The index suffers from other shortcomings. Often the market is difficult to define. Mergers do not always drive prices higher. University of Chicago economists studying Industrial Organization, the branch of economics that deals with competition, have long advocated a shift of emphasis from market share to -- usually temporary -- market power. Influential antitrust thinkers, such as Robert Bork, recommended revising the law to focus solely on consumer welfare.
These and other insights were incorporated in a theory of market contestability. Contrary to classical economic thinking, monopolies and oligopolies rarely raise prices for fear of attracting new competitors, went the new school. This is especially true in a "contestable" market, where entry is easy and cheap.
An oligopolistic firm also fears the price-cutting reaction of its rivals if it reduces prices, goes the Hall, Hitch, and Sweezy theory of the Kinked Demand Curve. If it were to raise prices, its rivals may not follow suit, thus undermining its market share. Stackleberg's amendments to Cournot's Competition model, on the other hand, demonstrate the advantages to a price setter of being a first mover.
In an article in the European Competition Law Review, Juan Briones Alonso writes: "At first sight, it seems that ... oligopolists will sooner or later find a way of avoiding competition among themselves, since they are aware that their overall profits are maximized with this strategy. However, the question is much more complex. First of all, collusion without explicit agreements is not easy to achieve. Each supplier might have different views on the level of prices which the demand would sustain, or might have different price preferences according to its cost conditions and market share. A company might think it has certain advantages which its competitors do not have, and would perhaps perceive a conflict between maximizing its own profits and maximizing industry profits."
"Moreover, if collusive strategies are implemented, and oligopolists manage to raise prices significantly above their competitive level, each oligopolist will be confronted with a conflict between sticking to the tacitly agreed behavior and increasing its individual profits by 'cheating' on its competitors. Therefore, the question of mutual monitoring and control is a key issue in collusive oligopolies."

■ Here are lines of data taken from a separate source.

Definition stable (c : alloc) : Prop :=
  good c /\ ~ (exists u v, #|c v| + 2 <= #|c u| /\ transfer c u v).

Definition layer (d : nat) (i : 'I_n) : Prop :=
  forall c, stable c -> #|c i| = d.

(* {|c i| : c stable} = {d-1, d}, for d >= 1 *)
Definition layerm (d : nat) (i : 'I_n) : Prop :=
  forall k, (exists c, stable c /\ #|c i| = k) <-> (k = d.-1 \/ k = d).

Definition pset (c : alloc) (d : nat) (i : 'I_n) : Prop :=
  #|c i| = d /\ exists j, #|c j| + 1 = d /\ transfer c i j.
Definition qset (c : alloc) (d : nat) (i : 'I_n) : Prop :=
  #|c i| = d /\ exists k, #|c k| = d + 1 /\ transfer c k i.
Definition rset (c : alloc) (d : nat) (i : 'I_n) : Prop :=
  #|c i| = d /\ ~ pset c d i /\ ~ qset c d i.
(* s_d = p_d ∪ q_{d-1}, with q_{-1} = ∅ *)
Definition sset (c : alloc) (d : nat) (i : 'I_n) : Prop :=
  pset c d i \/ (0 < d /\ qset c d.-1 i).

End Fair.

(* Executing a transfer u -> v, i.e. moving one item along each arc of the
   path, yields another clean max-USW allocation in which u has one item less
   and v one more.  If two clean max-USW allocations c, c' give an agent a fewer
   items in c' than in c, chasing the items of a alternately through c and c'
   leads to an agent b with more items in c' than in c, together with a
   transfer a -> b in c and a transfer b -> a in c'.  Hence the stable
   allocations are exactly the clean max-USW allocations minimising the sum of
   the squared bundle sizes, and from one stable allocation to another each
   bundle size changes by at most one; by the same transfers, the size h_i of
   agent i drops in some stable allocation iff i is in p_(h_i), rises iff i is
   in q_(h_i), and not both. *)

From Pilot Require Import Defs.
From mathcomp Require Import all_boot zify.
Set Implicit Arguments. Unset Strict Implicit. Unset Printing Implicit Defensive.

Lemma ltn_sum (I : finType) (P : pred I) (f g : I -> nat) (i0 : I) :
  (forall i, P i -> f i <= g i) -> P i0 -> f i0 < g i0 ->
  \sum_(i | P i) f i < \sum_(i | P i) g i.
Proof.
move=> le_fg Pi0 lt0; rewrite (bigD1 i0) //= [X in _ < X](bigD1 i0) //=.
by rewrite -addSn leq_add // leq_sum // => i /andP[/le_fg].
Qed.
(* For every positive integer $n$, $$\big((\mathrm{Id}\cdot\mu)\ast\delta\big)(n)=-\big(\mathrm{Id}\ast(\mu\delta)\big)(n),$$ where $\mathrm{Id}\cdot\mu$ is $n\mapsto n\mu(n)$ and $\mu\delta$ is the pointwise product.
   Context: The arithmetic derivative $\delta$ is defined by $\delta(p)=1$ for every prime $p$ and $\delta(mn)=m\delta(n)+n\delta(m)$ for all positive integers $m,n$; equivalently $\delta(1)=0$ and $\delta(n)=n\sum_{p^\alpha\| n}\alpha/p$. $\mathrm{Id}(n)=n$, $\mu$ is the Möbius function. The Dirichlet convolution is $(u\ast v)(n)=\sum_{d\mid n}u(d)v(n/d)$. *)

From mathcomp Require Import all_boot all_order all_algebra.
Set Implicit Arguments. Unset Strict Implicit. Unset Printing Implicit Defensive.
Import GRing.Theory Num.Theory.
Local Open Scope ring_scope.

(* Arithmetic derivative: delta(n) = n * sum_{p^a || n} a/p = sum_{p | n} a * (n/p).
   delta 1 = 0 (primes 1 = [::]); value at 0 is irrelevant (positive n only). *)
Definition arith_deriv (n : nat) : nat :=
  (\sum_(p <- primes n) logn p n * (n %/ p))%N.

(* Moebius function: 0 if some p^2 | n, else (-1)^(number of prime factors). *)
Definition moebius (n : nat) : int :=
  if [forall p : 'I_n.+1, (p.+1 ^ 2 %| n)%N ==> (p == 0%N :> nat)]
  then (-1) ^+ size (primes n) else 0.

Definition dconv (u v : nat -> int) (n : nat) : int :=
  \sum_(d <- divisors n) u d * v (n %/ d)%N.

Definition IdF (n : nat) : int := n%:Z.

From mathcomp Require Import all_boot all_order all_algebra ring.
Import GRing.Theory Num.Theory.

Set Implicit Arguments.
Unset Strict Implicit.
Unset Printing Implicit Defensive.

(* Proof of  ((Id.mu) * delta)(n) = - (Id * (mu.delta))(n)  for n > 0.
   Reversing the divisor sum on the right, the two convolutions add up to
     sum_{d | n} mu(d) * (d * delta(n/d) + (n/d) * delta(d)),
   and by the Leibniz rule  delta(a b) = a delta(b) + b delta(a)  applied to
   n = d * (n/d) this is  delta(n) * sum_{d | n} mu(d). *)

Lemma arith_derivE n s : uniq s -> {subset primes n <= s} ->
  arith_deriv n = \sum_(p <- s) logn p n * (n %/ p).
Proof.
move=> s_uniq sub_s; rewrite (bigID (mem (primes n))) /=.
rewrite [X in _ + X]big1 ?addn0; last first.
  by move=> p; rewrite -logn_gt0 lt0n negbK => /eqP->.
rewrite -big_filter /arith_deriv; apply: perm_big.
apply: uniq_perm; rewrite ?primes_uniq ?filter_uniq // => p.
by rewrite mem_filter; case pn: (p \in primes n); rewrite //= sub_s.
Qed.

(* Scaling [m] by [k] inside the term [logn p m * (m / p)] scales the term:
   either p divides m, or the logarithm vanishes. *)
Lemma logn_scale p m k :
  logn p m * (k * m %/ p) = k * (logn p m * (m %/ p)).
Proof.
have [pm | npm] := boolP (p %| m); first by rewrite -muln_divA // mulnCA.
suff -> : logn p m = 0 by rewrite !mul0n muln0.
by apply/eqP; rewrite -leqn0 leqNgt logn_gt0 mem_primes (negbTE npm) !andbF.
Qed.

Lemma arith_deriv_mul a b : 0 < a -> 0 < b ->
  arith_deriv (a * b) = a * arith_deriv b + b * arith_deriv a.
Proof.
move=> a_gt0 b_gt0; have ab_gt0 : 0 < a * b by rewrite muln_gt0 a_gt0.
have sub_ab m : 0 < m -> m %| a * b -> {subset primes m <= primes (a * b)}.
  move=> m_gt0 m_ab p; rewrite !mem_primes ab_gt0 m_gt0 /=.
  by case/andP=> -> /dvdn_trans ->.
rewrite (arith_derivE (primes_uniq _) (fun _ x => x)).
rewrite (arith_derivE (primes_uniq (a * b)) (sub_ab b b_gt0 (dvdn_mull a (dvdnn b)))).
rewrite (arith_derivE (primes_uniq (a * b)) (sub_ab a a_gt0 (dvdn_mulr b (dvdnn a)))).
rewrite !big_distrr -big_split /=; apply: eq_bigr => p _.
by rewrite -!logn_scale [b * a]mulnC lognM // mulnDl addnC.
Qed.

Lemma arith_deriv1 : arith_deriv 1 = 0.
Proof. by rewrite /arith_deriv big_nil. Qed.

Lemma arith_deriv_divisor n d : 0 < n -> d %| n ->
  d * arith_deriv (n %/ d) + n %/ d * arith_deriv d = arith_deriv n.
Proof.
move=> n_gt0 d_n; have d_gt0 : 0 < d := dvdn_gt0 n_gt0 d_n.
have nd_gt0 : 0 < n %/ d by rewrite divn_gt0 // dvdn_leq.
by rewrite -arith_deriv_mul // mulnC divnK.
Qed.

Definition squarefree (m : nat) : bool := all (fun q => logn q m < 2) (primes m).

Lemma moebiusE m : 0 < m ->
  moebius m = (if squarefree m then (-1) ^+ size (primes m) else 0)%R.
Proof.
move=> m_gt0; rewrite /moebius; congr (if _ then _ else _).
apply/forallP/allP => [no_sq q | sqf k].
- rewrite mem_primes m_gt0 => /andP[q_pr /= q_m].
  rewrite ltnNge -(pfactor_dvdn 2 q_pr m_gt0); apply/negP => q_sq.
  have q_lt : q.-1 < m.+1 by rewrite ltnS (leq_trans (leq_pred q) (dvdn_leq m_gt0 q_m)).
  move/implyP: (no_sq (Ordinal q_lt)); rewrite /= prednK ?prime_gt0 // => /(_ q_sq).
  by rewrite -subn1 subn_eq0 leqNgt prime_gt1.
- apply/implyP=> k_sq; apply: contraT; rewrite -lt0n => k_gt0.
  have q_pr : prime (pdiv k.+1) by rewrite pdiv_prime // ltnS.
  have q_sq : pdiv k.+1 ^ 2 %| m by apply: dvdn_trans k_sq; rewrite dvdn_exp2r ?pdiv_dvd.
  have q_m : pdiv k.+1 \in primes m.
    by rewrite mem_primes q_pr m_gt0 (dvdn_trans _ q_sq) // dvdn_exp.
  by move: (sqf _ q_m); rewrite ltnNge -(pfactor_dvdn 2 q_pr m_gt0) q_sq.
Qed.

Lemma moebius_mul_prime_dvd e p : prime p -> 0 < e -> p %| e ->
  moebius (e * p) = 0%R.
Proof.
move=> p_pr e_gt0 p_e; have p_gt0 := prime_gt0 p_pr.
rewrite moebiusE ?muln_gt0 ?e_gt0 //; case: ifP => // /allP/(_ p).
rewrite mem_primes p_pr muln_gt0 e_gt0 p_gt0 dvdn_mull //= => /(_ isT).
by rewrite lognM // (logn_prime p p_pr) eqxx addn1 ltnS ltnNge logn_gt0 mem_primes p_pr e_gt0 p_e.
Qed.

(* If p does not divide e, multiplying by p adds one prime factor and keeps
   square-freeness, so mu(e * p) = - mu(e). *)
Lemma moebius_mul_prime_ndvd e p : prime p -> 0 < e -> ~~ (p %| e) ->
  moebius (e * p) = (- moebius e)%R.
Proof.
move=> p_pr e_gt0 np_e; have p_gt0 := prime_gt0 p_pr.
have p_ne : p \notin primes e by rewrite mem_primes (negbTE np_e) !andbF.
have primes_ep : perm_eq (primes (e * p)) (p :: primes e).
  apply: uniq_perm; rewrite /= ?primes_uniq ?p_ne // => q.
  by rewrite primesM // (primes_prime p_pr) mem_seq1 in_cons orbC.
have logn_ep q : q \in primes e -> logn q (e * p) = logn q e.
  move=> q_e; rewrite lognM // (logn_prime q p_pr).
  by case: eqP => [q_p | _]; [rewrite -q_p q_e in p_ne | rewrite addn0].
have sqf_ep : squarefree (e * p) = squarefree e.
  rewrite /squarefree (perm_all _ primes_ep) /= lognM // (logn_prime p p_pr) eqxx.
  rewrite logn_coprime ?prime_coprime //=.
  by apply: eq_in_all => q /logn_ep ->.
rewrite !moebiusE ?muln_gt0 ?e_gt0 // sqf_ep (perm_size primes_ep).
by case: (squarefree e); rewrite ?oppr0 // exprS mulN1r.
Qed.

Lemma divisors_split_prime n p : prime p -> 0 < n -> p %| n ->
  perm_eq (divisors n)
    ([seq d <- divisors (n %/ p) | ~~ (p %| d)] ++
     [seq e * p | e <- divisors (n %/ p)]).
Proof.
move=> p_pr n_gt0 p_n; have p_gt0 := prime_gt0 p_pr.
set m := n %/ p; have n_mp : n = m * p by rewrite divnK.
have m_gt0 : 0 < m by move: n_gt0; rewrite n_mp muln_gt0 => /andP[].
apply: uniq_perm; first exact: divisors_uniq.
  rewrite cat_uniq filter_uniq ?divisors_uniq ?map_inj_uniq ?divisors_uniq //=;
    last by move=> x y /eqP; rewrite eqn_pmul2r // => /eqP.
  rewrite andbT; apply/hasPn => _ /mapP[e _ ->].
  by rewrite mem_filter dvdn_mull.
move=> d; rewrite mem_cat mem_filter -!dvdn_divisors //.
have [p_d | np_d] /= := boolP (p %| d).
  apply/idP/mapP => [d_n | [e e_m ->]]; last by rewrite n_mp dvdn_pmul2r ?dvdn_divisors.
  exists (d %/ p); last by rewrite divnK.
  by rewrite -dvdn_divisors // -(dvdn_pmul2r p_gt0) divnK // -n_mp.
have -> : (d \in [seq e * p | e <- divisors m]) = false.
  by apply/mapP => -[e _ d_ep]; rewrite d_ep dvdn_mull in np_d.
by rewrite orbF n_mp Gauss_dvdl // coprime_sym (prime_coprime _ p_pr).
Qed.

Lemma sum_moebius n : 1 < n -> (\sum_(d <- divisors n) moebius d = 0)%R.
Proof.
move=> n_gt1; have n_gt0 := ltnW n_gt1; have p_pr := pdiv_prime n_gt1.
rewrite (perm_big _ (divisors_split_prime p_pr n_gt0 (pdiv_dvd n))).
set p := pdiv n in p_pr *; set m := n %/ p.
have m_gt0 : 0 < m by rewrite (divn_gt0 _ (prime_gt0 p_pr)) (dvdn_leq n_gt0 (pdiv_dvd n)).
have m_div_gt0 e : e \in divisors m -> 0 < e.
  by rewrite -dvdn_divisors // => /(dvdn_gt0 m_gt0).
have vanish : (\sum_(e <- divisors m | (p %| e)%N) moebius (e * p))%R = 0%R.
  rewrite big_seq_cond big1 // => e /andP[/m_div_gt0 e_gt0 p_e].
  exact: moebius_mul_prime_dvd.
have flip : (\sum_(e <- divisors m | ~~ (p %| e)%N) moebius (e * p) =
             - \sum_(e <- divisors m | ~~ (p %| e)%N) moebius e)%R.
  rewrite -sumrN big_seq_cond [RHS]big_seq_cond.
  apply: eq_bigr => e /andP[/m_div_gt0 e_gt0 np_e].
  exact: moebius_mul_prime_ndvd.
rewrite big_cat big_map big_filter /= [X in (_ + X)%R](bigID (dvdn p)) /=.
by rewrite vanish flip add0r; apply: subrr.
Qed.

Lemma divn_divisor n d : 0 < n -> d %| n -> n %/ (n %/ d) = d.
Proof. by move=> n_gt0 d_n; rewrite divnA // mulKn // (dvdn_gt0 n_gt0 d_n). Qed.

Lemma sum_divisors_rev (R : nmodType) n (F : nat -> R) : 0 < n ->
  (\sum_(d <- divisors n) F d = \sum_(d <- divisors n) F (n %/ d)%N)%R.
Proof.
move=> n_gt0; rewrite -(big_map (fun d => n %/ d) xpredT F).
have codiv_n d : d \in divisors n -> n %/ d \in divisors n.
  by rewrite -!dvdn_divisors // => /dvdn_div.
apply: perm_big; apply: uniq_perm; rewrite ?divisors_uniq //.
  rewrite map_inj_in_uniq ?divisors_uniq // => x y; rewrite -!dvdn_divisors // => x_n y_n xy.
  by rewrite -(divn_divisor n_gt0 x_n) -(divn_divisor n_gt0 y_n) xy.
move=> d; apply/idP/mapP => [d_n | [e e_n ->]]; last exact: codiv_n.
by exists (n %/ d); rewrite ?codiv_n // divn_divisor // dvdn_divisors.
Qed.

Local Open Scope ring_scope.

Theorem corollary2p6 (n : nat) : (0 < n)%N ->
  dconv (fun m => m%:Z * moebius m) (fun m => (arith_deriv m)%:Z) n =
  - dconv IdF (fun m => moebius m * (arith_deriv m)%:Z) n.
Proof.
move=> n_gt0; apply/eqP; rewrite -addr_eq0; apply/eqP.
rewrite /dconv /IdF [X in _ + X](sum_divisors_rev _ n_gt0) -big_split /=.
(* Termwise, the Leibniz rule for n = d * (n/d) factors out delta(n). *)
rewrite (eq_big_seq (fun d => (arith_deriv n)%:Z * moebius d)) => [|d].
- rewrite -big_distrr /=.
  have [n_gt1 | n_le1] := ltnP 1 n; first by rewrite sum_moebius ?mulr0.
  have -> : n = 1%N by apply/anti_leq; rewrite n_le1.
  by rewrite arith_deriv1 mul0r.
- rewrite -dvdn_divisors // => d_n.
  rewrite divn_divisor // -(arith_deriv_divisor n_gt0 d_n) PoszD !PoszM.
  ring.
Qed.
Lemma descent_ineq_third (A Y X M cm cy c1 : rat) : 1 <= A -> 4 <= Y ->
  X + 1 = Y * 3 -> M + 1 = A * X + Y * 2 ->
  12 * M * X * (cm - cy) = reciprocity_rhs M X ->
  12 * X * Y * (cy - c1) = reciprocity_rhs X Y ->
  12 * Y * c1 = reciprocity_rhs Y 1 -> 4 - M <= 48 * cm.
Proof.
rewrite /reciprocity_rhs => A_ge1 Y_ge4 X_eq M_eq hM hX h1.
have {}M_eq : M = A * X + 2 * Y - 1 by lra.
have {}X_eq : X = 3 * Y - 1 by lra.
have c_gt0 : 0 < M * X * Y by rewrite M_eq X_eq; apply: mulr_gt0; [apply: mulr_gt0|]; nra.
rewrite -subr_ge0 -(pmulr_rge0 _ c_gt0).
have := congr1 (fun t => Y * t) hM.
have := congr1 (fun t => M * t) hX.
have := congr1 (fun t => M * X * t) h1.
have hA : 0 <= A - 1 by lra.
have hY : 0 <= Y - 4 by lra.
subst M X; monomials_ge0 hA hY.
lra.
Qed.

Lemma descent_ineq_two_thirds (A V Y X M cm cy cv c1 : rat) : 1 <= A -> 2 <= V ->
  Y = V * 2 + 1 -> X = V * 3 + 1 -> M = A * X + V ->
  12 * M * X * (cm - cy) = reciprocity_rhs M X ->
  12 * X * Y * (cy + cv) = reciprocity_rhs X Y ->
  12 * Y * V * (cv + c1) = reciprocity_rhs Y V -> 12 * V * c1 = reciprocity_rhs V 1 ->
  4 - M <= 48 * cm.
Proof.
rewrite /reciprocity_rhs => A_ge1 V_ge2 Y_eq X_eq M_eq hM hX hY h1.
have c_gt0 : 0 < M * X * Y * V.
  by rewrite M_eq X_eq Y_eq; apply: mulr_gt0; [apply: mulr_gt0; [apply: mulr_gt0|]|]; nra.
rewrite -subr_ge0 -(pmulr_rge0 _ c_gt0).
have := congr1 (fun t => Y * V * t) hM.
have := congr1 (fun t => M * V * t) hX.
have := congr1 (fun t => M * X * t) hY.
have := congr1 (fun t => M * X * Y * t) h1.
have hA : 0 <= A - 1 by lra.
have hV : 0 <= V - 2 by lra.
subst M X Y; monomials_ge0 hA hV.
lra.
Qed.
(* Let $n\ge j\ge1$ be integers, and let $\lambda=(\lambda_1,\lambda_2,\lambda_3)\in\mathbb Z^3$ with $\lambda_1\ge\lambda_2\ge\lambda_3$ and $\max\{\lambda_1-\lambda_2,\lambda_2-\lambda_3\}\le n-j$. Then the number of $(ZK,K_n)$-double cosets contained in $ZK\lambda(\varpi)K$ is at most $q^{4n-4j}(1+1/q)^3$.
   Context: $F$ is a $p$-adic field with $p\ne2,3$, ring of integers $R$, uniformizer $\varpi$, residue field of order $q$. $G=GL_3(F)$, $K=GL_3(R)$, $Z$ is the center of $G$, $K_n$ is the subgroup of $K$ of elements congruent to the identity mod $\varpi^n$, and $\lambda(\varpi)=\operatorname{diag}(\varpi^{\lambda_1},\varpi^{\lambda_2},\varpi^{\lambda_3})$. *)

From HB Require Import structures.
From mathcomp Require Import all_boot all_order all_algebra.
Set Implicit Arguments. Unset Strict Implicit. Unset Printing Implicit Defensive.
Import Order.TTheory GRing.Theory Num.Theory.
Local Open Scope ring_scope.

Section Defs.
Variable F : fieldType.
Variable v : F -> int.  (* normalized discrete valuation, meaningful on nonzero elements *)

Definition vge (x : F) (k : int) : Prop := x = 0 \/ k <= v x.
Definition inR (x : F) : Prop := vge x 0.

(* F is a p-adic field with valuation v, residue characteristic p and residue
   field of order q: a complete, discretely valued field of characteristic 0
   with finite residue field (equivalently, a finite extension of Q_p). *)
Record padic_field (p q : nat) : Prop := {
  v_mul : forall x y, x != 0 -> y != 0 -> v (x * y) = v x + v y;
  v_add : forall x y, x != 0 -> y != 0 -> x + y != 0 ->
            Num.min (v x) (v y) <= v (x + y);
  v_unif : exists pi : F, pi != 0 /\ v pi = 1;
  char0 : forall m : nat, (m%:R : F) = 0 -> m = 0%N;
  resid_char : prime p /\ vge (p%:R) 1;
  resid_card : exists s : seq F, size s = q /\
      (forall i, (i < q)%N -> inR (nth 0 s i)) /\
      (forall i k, (i < q)%N -> (k < q)%N -> i != k ->
          ~ vge (nth 0 s i - nth 0 s k) 1) /\
      (forall x, inR x -> exists2 i, (i < q)%N & vge (x - nth 0 s i) 1);
  complete : forall u : nat -> F,
      (forall k : int, exists N, forall m m', (N <= m)%N -> (N <= m')%N ->
          vge (u m - u m') k) ->
      exists l, forall k : int, exists N, forall m, (N <= m)%N -> vge (u m - l) k
}.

Monopolies and oligopolies, went the contestability theory, also refrain from restricting output, lest their market share be snatched by new entrants. In other words, even monopolists behave as though their market was fully competitive, their production and pricing decisions and actions constrained by the "ghosts" of potential and threatening newcomers.
In a discussion paper by the Center for Research into Industry, Enterprise, Finance and the Firm Discussion Paper, the authors argue that: "Under decreasing returns and some fixed cost, the market grows to 'full capacity' at Walrasian equilibrium (oligopolies); on the other hand, if returns are increasing, the unique long run outcome involves a profit-maximizing monopolist."
While intellectually tempting, contestability theory has little to do with the rough and tumble world of business. Contestable markets simply do not exist. Entering a market is never cheap, nor easy. Huge sunk costs are required to counter the network effects of more veteran products as well as the competitors' brand recognition and ability and inclination to collude to set prices.
Victory is not guaranteed, losses loom constantly, investors are forever edgy, customers are fickle, bankers itchy, capital markets gloomy, suppliers beholden to the competition. Barriers to entry are almost always formidable and often insurmountable.